Pursuant to Section 19(b)(1) of the Securities Exchange Act of 1934 (the “Act”)  and Rule 19b-4 thereunder, notice is hereby given that on December 8, 2010, National Stock Exchange, Inc. filed with the Securities and Exchange Commission (“Commission”) the proposed rule change, as described in Items I and II below, which Items have been prepared by the Exchange. The Commission is publishing this notice to solicit comment on the proposed rule change from interested persons.
I. Self-Regulatory Organization's Statement of the Terms of Substance of the Proposed Rule Change
National Stock Exchange, Inc. (“NSX®” or “Exchange”) is proposing to amend its rules to extend until April 11, 2011, a certain pilot program regarding clearly erroneous executions.
The text of the proposed rule change is available on the Exchange's Web site at http://www.nsx.com, at the principal office of the Exchange, and at the Commission's Public Reference Room.
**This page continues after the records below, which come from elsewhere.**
(* Let $G=(V,E)$ be a finite simple undirected graph, let $M$ be computed by a run of \textsc{MinGreedy} on $G$, and let $M^*$ be a maximum matching such that each component of $(V,M\cup M^* )$ with an edge is an edge of $M\cap M^*$ or an $M$-$M^*$-path. Let $w$ be an endpoint of an $M$-$M^*$-path $X$. Then $w$ is the target of at least one transfer, and $X$ (i.e. its two endpoints together) is the target of at least two transfers.
   Context: \textsc{MinGreedy}: starting with $M=\emptyset$, repeatedly select an arbitrary node $u$ of minimum non-zero current degree and an arbitrary neighbor $v$ of $u$, add $\{u,v\}$ to $M$ and remove all edges incident with $u$ or $v$ from the current graph. An $M$-$M^*$-path is a component of $(V,M\cup M^* )$ that is an alternating path starting and ending with an $M^*$-edge, with $m\geq1$ edges of $M$ and $m+1$ edges of $M^*$; its endpoints are its two $M$-uncovered end nodes. Let $F=E\setminus(M\cup M^* )$. For an endpoint $w$ of an $M$-$M^*$-path, an edge $\{v,w\}\in F$ is a transfer from $v$ to $w$ if, in the step of the algorithm in which $v$ is matched, the current degree of $w$ drops to at most $1$. *)

From mathcomp Require Import all_boot.
Set Implicit Arguments. Unset Strict Implicit. Unset Printing Implicit Defensive.

Section MinGreedy.
Variables (T : finType) (e : rel T).

Definition edges : {set {set T}} := [set f : {set T} | [exists x, exists y, e x y && (f == [set x; y])]].

Definition is_matching (N : {set {set T}}) : bool :=
  (N \subset edges) &&
  [forall f in N, forall g in N, (f != g) ==> [disjoint f & g]].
II. Self-Regulatory Organization's Statement of the Purpose of, and Statutory Basis for, the Proposed Rule Change
In its filing with the Commission, the Exchange included statements concerning the purpose of and basis for the proposed rule change and discussed any comments it received on the proposed rule change. The text of these statements may be examined at the places specified in Item IV below. The Exchange has prepared summaries, set forth in sections A, B, and C below, of the most significant parts of such statements.
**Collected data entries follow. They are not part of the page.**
(* Let $G$ be a graph, $k$ a positive integer, and $V_1,\dots,V_t$ a partition of $V(G)$ into types as described in the context. If $G$ has a star coloring using at most $k$ colors, then the integer program $\mathrm{ILP}(G,k,V_1,\dots,V_t)$ described in the context has a feasible assignment.
   Context: All graphs are finite, simple, undirected and connected. A star coloring of $G$ with at most $k$ colors is a map $f:V(G)\to\{1,\dots,k\}$ with $f(u)\neq f(v)$ for every edge $uv$ such that every path on four vertices (not necessarily induced) receives at least three distinct colors. Two vertices $u,v$ have the same type if $N(u)\setminus\{v\}=N(v)\setminus\{u\}$; $V_1,\dots,V_t$ is a partition of $V(G)$ into nonempty sets in each of which all vertices pairwise have the same type. Then each $G[V_i]$ is a clique or an independent set; $V_i$ is called a clique type if $G[V_i]$ is complete and an independent type if $G[V_i]$ has no edges. For $i\neq j$, either every vertex of $V_i$ is adjacent to every vertex of $V_j$ (write $V_j\in adj(V_i)$) or there are no edges between them. For $A\subseteq[t]$ let $T_A=\{V_i: i\in A\}$. The program $\mathrm{ILP}(G,k,V_1,\dots,V_t)$ has one integer variable $n_A$ for every $A\subseteq[t]$ and the following constraints: (C0) $n_A=0$ (the variable is discarded) whenever $T_A$ contains two types $V_i,V_j$ with $V_j\in adj(V_i)$; (C1) $\sum_{A\subseteq[t]} n_A\le k$; (C2) for each clique type $V_i$: $\sum_{A: V_i\in T_A} n_A=|V_i|$; (C3) for each independent type $V_i$: $1\le \sum_{A:V_i\in T_A} n_A\le \min\{k,|V_i|\}$; (C4) for every four distinct types $V_{i_1},V_{i_2},V_{i_3},V_{i_4}$ with $V_{i_1},V_{i_3}\in adj(V_{i_2})$ and $V_{i_4}\in adj(V_{i_3})$: if $\sum_{A: V_{i_1},V_{i_3}\in T_A} n_A\ge 1$ then $\sum_{B: V_{i_2},V_{i_4}\in T_B} n_B=0$; (C5) for every three distinct types $V_{i_1},V_{i_2},V_{i_3}$ with $V_{i_1}$ an independent type and $V_{i_2},V_{i_3}\in adj(V_{i_1})$: if $\sum_{A:V_{i_1}\in T_A} n_A<|V_{i_1}|$ then $\sum_{B: V_{i_2},V_{i_3}\in T_B} n_B=0$; (C6) for every two distinct independent types $V_{i_1},V_{i_2}$ with $V_{i_1}\in adj(V_{i_2})$: if $\sum_{A:V_{i_1}\in T_A} n_A<|V_{i_1}|$ then $\sum_{B:V_{i_2}\in T_B} n_B=|V_{i_2}|$, and symmetrically with $i_1,i_2$ swapped; (C7) $n_A\ge 0$ for all $A\subseteq[t]$. A feasible assignment is an assignment of integer values to all $n_A$ satisfying (C0)–(C7). *)

From mathcomp Require Import all_boot all_order all_algebra.
Set Implicit Arguments. Unset Strict Implicit. Unset Printing Implicit Defensive.
Import Order.TTheory GRing.Theory Num.Theory.

Definition simple_graph (V : finType) (e : rel V) : Prop :=
  irreflexive e /\ symmetric e.

Definition connected_graph (V : finType) (e : rel V) : Prop :=
  forall u v : V, connect e u v.

Definition star_coloring (V : finType) (e : rel V) (k : nat) (f : V -> 'I_k) : Prop :=
  (forall u v, e u v -> f u != f v) /\
  (forall a b c d : V, uniq [:: a; b; c; d] -> e a b -> e b c -> e c d ->
     2 < #|[set f a; f b; f c; f d]|).

Definition same_type (V : finType) (e : rel V) (u v : V) : Prop :=
  [set w | e u w] :\ v = [set w | e v w] :\ u.

(* p assigns to each vertex its part; parts V_i = p^-1(i), i : 'I_t. *)
Definition part (V : finType) (t : nat) (p : V -> 'I_t) (i : 'I_t) : {set V} :=
  [set v | p v == i].

Definition type_partition (V : finType) (e : rel V) (t : nat) (p : V -> 'I_t) : Prop :=
  (forall i : 'I_t, part p i != set0) /\
  (forall u v : V, p u = p v -> same_type e u v).

Definition clique_type (V : finType) (e : rel V) (t : nat) (p : V -> 'I_t) (i : 'I_t) : Prop :=
  forall u v, u \in part p i -> v \in part p i -> u != v -> e u v.

Definition indep_type (V : finType) (e : rel V) (t : nat) (p : V -> 'I_t) (i : 'I_t) : Prop :=
  forall u v, u \in part p i -> v \in part p i -> ~~ e u v.

Definition adjT (V : finType) (e : rel V) (t : nat) (p : V -> 'I_t) (i j : 'I_t) : Prop :=
  i != j /\ forall u v, u \in part p i -> v \in part p j -> e u v.

Local Open Scope ring_scope.

Definition sumT (t : nat) (n : {set 'I_t} -> int) (S : {set 'I_t}) : int :=
  \sum_(A : {set 'I_t} | S \subset A) n A.

Definition ILP_feasible (V : finType) (e : rel V) (k t : nat) (p : V -> 'I_t)
  (n : {set 'I_t} -> int) : Prop :=
  (forall A : {set 'I_t}, (exists i j, [/\ i \in A, j \in A & adjT e p i j]) -> n A = 0) /\
  (\sum_(A : {set 'I_t}) n A <= k%:Z) /\
  (forall i, clique_type e p i -> sumT n [set i] = #|part p i|%:Z) /\
  (forall i, indep_type e p i ->
     1 <= sumT n [set i] /\ sumT n [set i] <= (minn k #|part p i|)%:Z) /\
  (forall i1 i2 i3 i4 : 'I_t, uniq [:: i1; i2; i3; i4] ->
     adjT e p i2 i1 -> adjT e p i2 i3 -> adjT e p i3 i4 ->
     1 <= sumT n [set i1; i3] -> sumT n [set i2; i4] = 0) /\
  (forall i1 i2 i3 : 'I_t, uniq [:: i1; i2; i3] -> indep_type e p i1 ->
     adjT e p i1 i2 -> adjT e p i1 i3 ->
     sumT n [set i1] < #|part p i1|%:Z -> sumT n [set i2; i3] = 0) /\
  (* C6 (the symmetric version is the instance with i1, i2 swapped) *)
  (forall i1 i2 : 'I_t, i1 != i2 -> indep_type e p i1 -> indep_type e p i2 ->
     adjT e p i2 i1 ->
     sumT n [set i1] < #|part p i1|%:Z -> sumT n [set i2] = #|part p i2|%:Z) /\
  (forall A, 0 <= n A).

(* Given a star colouring f, let T_c be the set of types that contain a vertex
   of colour c, and let n_A be the number of colours c with T_c = A.  Then
   the sum of n_A over all A containing S counts the colours occurring in
   every type of S; in particular the sum over A containing V_i is |f(V_i)|.
   Every constraint then becomes a property of f: adjacent types share no
   colour and cliques are rainbow because f is proper, while (C4)-(C6) each
   hold because their failure would produce a path on four vertices coloured
   with only two colours. *)

From mathcomp Require Import all_boot all_order all_algebra.
Set Implicit Arguments. Unset Strict Implicit. Unset Printing Implicit Defensive.

Local Open Scope ring_scope.

Lemma card_imset_ltP (T T' : finType) (g : T -> T') (A : {set T}) :
  (#|g @: A| < #|A|)%N -> exists a b, [/\ a \in A, b \in A, a != b & g a = g b].
Proof.
move=> ltA; case: (boolP [exists a in A, exists b in A, (a != b) && (g a == g b)]).
  by case/exists_inP=> a aA /exists_inP[b bA /andP[neq_ab /eqP gab]]; exists a, b.
move/exists_inPn=> noncollide; suff /eqP eqA : #|g @: A| == #|A| by rewrite eqA ltnn in ltA.
apply/imset_injP=> a b aA bA gab; apply: contraNeq (noncollide a aA) => neq_ab.
by apply/exists_inP; exists b; rewrite // neq_ab gab eqxx.
Qed.

Lemma card_imset_le_min (T T' : finType) (g : T -> T') (A : {set T}) :
  (#|g @: A| <= minn #|T'| #|A|)%N.
Proof. by rewrite leq_min leq_imset_card max_card. Qed.

Lemma part_neq (V : finType) (t : nat) (p : V -> 'I_t) (i j : 'I_t) (u v : V) :
  u \in part p i -> v \in part p j -> i != j -> u != v.
Proof. by rewrite !inE => /eqP <- /eqP <-; apply: contra => /eqP ->. Qed.

Lemma adjT_edge (V : finType) (e : rel V) (t : nat) (p : V -> 'I_t) (i j : 'I_t) (u v : V) :
  adjT e p i j -> u \in part p i -> v \in part p j -> e u v.
Proof. by case=> _; apply. Qed.

Section ColourCount.

Variables (V : finType) (k t : nat) (p : V -> 'I_t) (f : V -> 'I_k).

Definition colour_types (c : 'I_k) : {set 'I_t} :=
  [set i | [exists v, (p v == i) && (f v == c)]].

Definition colour_count (A : {set 'I_t}) : int :=
  #|[set c | colour_types c == A]|%:Z.

Lemma mem_colour_types i c : (i \in colour_types c) = (c \in f @: part p i).
Proof.
rewrite inE; apply/existsP/imsetP.
  by case=> v /andP[/eqP pv /eqP fv]; exists v; rewrite // inE pv.
by case=> v; rewrite inE => /eqP pv ->; exists v; rewrite pv !eqxx.
Qed.

Lemma sumT_colour_count S :
  sumT colour_count S = #|[set c | S \subset colour_types c]|%:Z.
Proof.
rewrite /sumT /colour_count -(big_morph Posz PoszD (erefl 0%Z)) -sum1_card.
congr Posz; rewrite (partition_big colour_types (fun A => S \subset A)) => [|c]; last first.
  by rewrite inE.
apply: eq_bigr => A SA; rewrite -sum1_card; apply: eq_bigl => c.
by rewrite !inE; case: eqP => [->|]; rewrite ?SA ?andbF.
Qed.

Lemma sum_colour_count : \sum_A colour_count A = k%:Z.
Proof.
have := sumT_colour_count set0; rewrite /sumT (eq_bigl predT) => [->|A]; last first.
  by rewrite sub0set.
by congr Posz; rewrite -[RHS]card_ord; apply: eq_card => c; rewrite inE sub0set.
Qed.

Lemma sumT_colour_count1 i : sumT colour_count [set i] = #|f @: part p i|%:Z.
Proof.
by rewrite sumT_colour_count; congr Posz; apply: eq_card => c; rewrite inE sub1set mem_colour_types.
Qed.

Lemma sumT_colour_count2 i j :
  sumT colour_count [set i; j] = #|f @: part p i :&: f @: part p j|%:Z.
Proof.
rewrite sumT_colour_count; congr Posz; apply: eq_card => c.
by rewrite !inE subUset !sub1set !mem_colour_types.
Qed.

End ColourCount.

Section StarColouring.

Variables (V : finType) (e : rel V) (k t : nat) (p : V -> 'I_t) (f : V -> 'I_k).
Hypothesis (sym_e : symmetric e) (star_f : star_coloring e f).

Let proper_f u v : e u v -> f u != f v. Proof. exact: star_f.1. Qed.

(* The two remaining distinctness conditions of a P4 follow from properness:
   a = d would give f a = f c = f b for the edge ab. *)
Lemma no_bicoloured_P4 a b c d : e a b -> e b c -> e c d ->
  a != c -> b != d -> f a = f c -> f b = f d -> False.
Proof.
move=> ab bc cd neq_ac neq_bd fac fbd.
have neq_edge u v : e u v -> u != v by move/proper_f; apply: contra => /eqP ->.
have neq_ad : a != d by apply: contraTneq (proper_f ab) => ad; rewrite fbd -ad fac negbK.
have uniq_abcd : uniq [:: a; b; c; d].
  rewrite /= !inE !negb_or neq_ac neq_ad neq_bd.
  by rewrite (neq_edge _ _ ab) (neq_edge _ _ bc) (neq_edge _ _ cd).
have := star_f.2 a b c d uniq_abcd ab bc cd; rewrite fac fbd ltnNge.
suff -> : [set f c; f d; f c; f d] = [set f c; f d] by rewrite cards2 ltnS leq_b1.
by apply/setP => z; rewrite !inE; case: (z == f c); case: (z == f d).
Qed.

Lemma adjT_disjoint_colours i j : adjT e p i j -> f @: part p i :&: f @: part p j = set0.
Proof.
move=> aij; apply/setP => c; rewrite !inE; apply/negbTE/andP.
case=> /imsetP[u ui ->] /imsetP[v vj /eqP]; apply/negP.
exact: proper_f (adjT_edge aij ui vj).
Qed.

Lemma colour_count_adjT (A : {set 'I_t}) i j :
  i \in A -> j \in A -> adjT e p i j -> colour_count p f A = 0.
Proof.
move=> iA jA aij; apply/eqP; rewrite eqz_nat cards_eq0; apply/eqP/setP => c.
rewrite !inE; apply/negbTE/eqP => TA; move: iA jA; rewrite -TA !mem_colour_types.
move=> ci cj; have : c \in f @: part p i :&: f @: part p j by rewrite inE ci cj.
by rewrite (adjT_disjoint_colours aij) inE.
Qed.

Lemma card_colours_clique i : clique_type e p i -> #|f @: part p i| = #|part p i|.
Proof.
move=> cl; apply/eqP/imset_injP => u v ui vi fuv; apply/eqP/contraT => nuv.
by have := proper_f (cl u v ui vi nuv); rewrite fuv eqxx.
Qed.

Lemma colours_P4_disjoint i1 i2 i3 i4 : i1 != i3 -> i2 != i4 ->
  adjT e p i2 i1 -> adjT e p i2 i3 -> adjT e p i3 i4 ->
  f @: part p i1 :&: f @: part p i3 != set0 ->
  f @: part p i2 :&: f @: part p i4 = set0.
Proof.
move=> n13 n24 a21 a23 a34 /set0Pn[c]; rewrite inE => /andP[].
move=> /imsetP[a ai ->] /imsetP[c' ci fac]; apply/setP => d; rewrite !inE.
apply/negbTE/andP; case=> /imsetP[b bi ->] /imsetP[d' di fbd].
apply: (no_bicoloured_P4 (a := a) (b := b) (c := c') (d := d')) => //.
- by rewrite sym_e (adjT_edge a21 bi ai).
- exact: adjT_edge a23 bi ci.
- exact: adjT_edge a34 ci di.
- exact: part_neq ai ci n13.
- exact: part_neq bi di n24.
Qed.

Lemma repeated_colour_disjoint i1 i2 i3 : i2 != i3 ->
  adjT e p i1 i2 -> adjT e p i1 i3 -> (#|f @: part p i1| < #|part p i1|)%N ->
  f @: part p i2 :&: f @: part p i3 = set0.
Proof.
move=> n23 a12 a13 /card_imset_ltP[a [b [ai bi nab fab]]].
apply/setP => c; rewrite !inE; apply/negbTE/andP.
case=> /imsetP[x xi ->] /imsetP[y yi fxy].
apply: (no_bicoloured_P4 (a := x) (b := a) (c := y) (d := b)) => //.
- by rewrite sym_e (adjT_edge a12 ai xi).
- exact: adjT_edge a13 ai yi.
- by rewrite sym_e (adjT_edge a13 bi yi).
- exact: part_neq xi yi n23.
Qed.

Lemma repeated_colour_adjT i1 i2 : adjT e p i2 i1 ->
  (#|f @: part p i1| < #|part p i1|)%N -> #|f @: part p i2| = #|part p i2|.
Proof.
move=> a21 /card_imset_ltP[a [b [ai bi nab fab]]].
apply/eqP/imset_injP => x y xi yi fxy; apply/eqP/contraT => nxy; exfalso.
apply: (no_bicoloured_P4 (a := a) (b := x) (c := b) (d := y)) => //.
- by rewrite sym_e (adjT_edge a21 xi ai).
- exact: adjT_edge a21 xi bi.
- by rewrite sym_e (adjT_edge a21 yi bi).
Qed.

End StarColouring.

Theorem lemma2 (V : finType) (e : rel V) (k t : nat) (p : V -> 'I_t) :
  simple_graph e -> connected_graph e -> (0 < k)%N ->
  type_partition e p ->
  (exists f : V -> 'I_k, star_coloring e f) ->
  exists n : {set 'I_t} -> int, ILP_feasible e k p n.
Proof.
move=> [_ sym_e] _ _ [nonempty _] [f star_f].
exists (colour_count p f); split; [|split; [|split; [|split; [|split; [|split; [|split]]]]]].
- by move=> A [i [j [iA jA aij]]]; apply: colour_count_adjT aij.
- by rewrite sum_colour_count.
- by move=> i cl; rewrite sumT_colour_count1 (card_colours_clique star_f cl).
- move=> i _; have := card_imset_le_min f (part p i); rewrite card_ord => le_min.
  rewrite sumT_colour_count1 !lez_nat le_min; split=> //.
  by have /set0Pn[v vi] := nonempty i; apply/card_gt0P; exists (f v); apply: imset_f.
- move=> i1 i2 i3 i4; rewrite /= !inE !negb_or.
  move=> /andP[/and3P[_ n13 _] /andP[/andP[_ n24] _]] a21 a23 a34.
  rewrite !sumT_colour_count2 lez_nat card_gt0 => /(colours_P4_disjoint sym_e star_f).
  by move=> /(_ i2 i4 n13 n24 a21 a23 a34) ->; rewrite cards0.
- move=> i1 i2 i3; rewrite /= !inE !negb_or => /andP[_ /andP[n23 _]] _ a12 a13.
  rewrite sumT_colour_count1 sumT_colour_count2 ltz_nat => rep.
  by rewrite (repeated_colour_disjoint sym_e star_f n23 a12 a13 rep) cards0.
- move=> i1 i2 _ _ _ a21; rewrite !sumT_colour_count1 ltz_nat => rep.
  by rewrite (repeated_colour_adjT sym_e star_f a21 rep).
- by [].
Qed.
A. Self-Regulatory Organization's Statement of the Purpose of, and Statutory Basis for, the Proposed Rule Change
With this rule change, the Exchange is proposing to extend the pilot program currently in effect regarding clearly erroneous executions under NSX Rule 11.19. Currently, unless otherwise extended or approved permanently, this pilot program will expire on December 10, 2010. The instant rule filing proposes to extend the pilot program until April 11, 2011.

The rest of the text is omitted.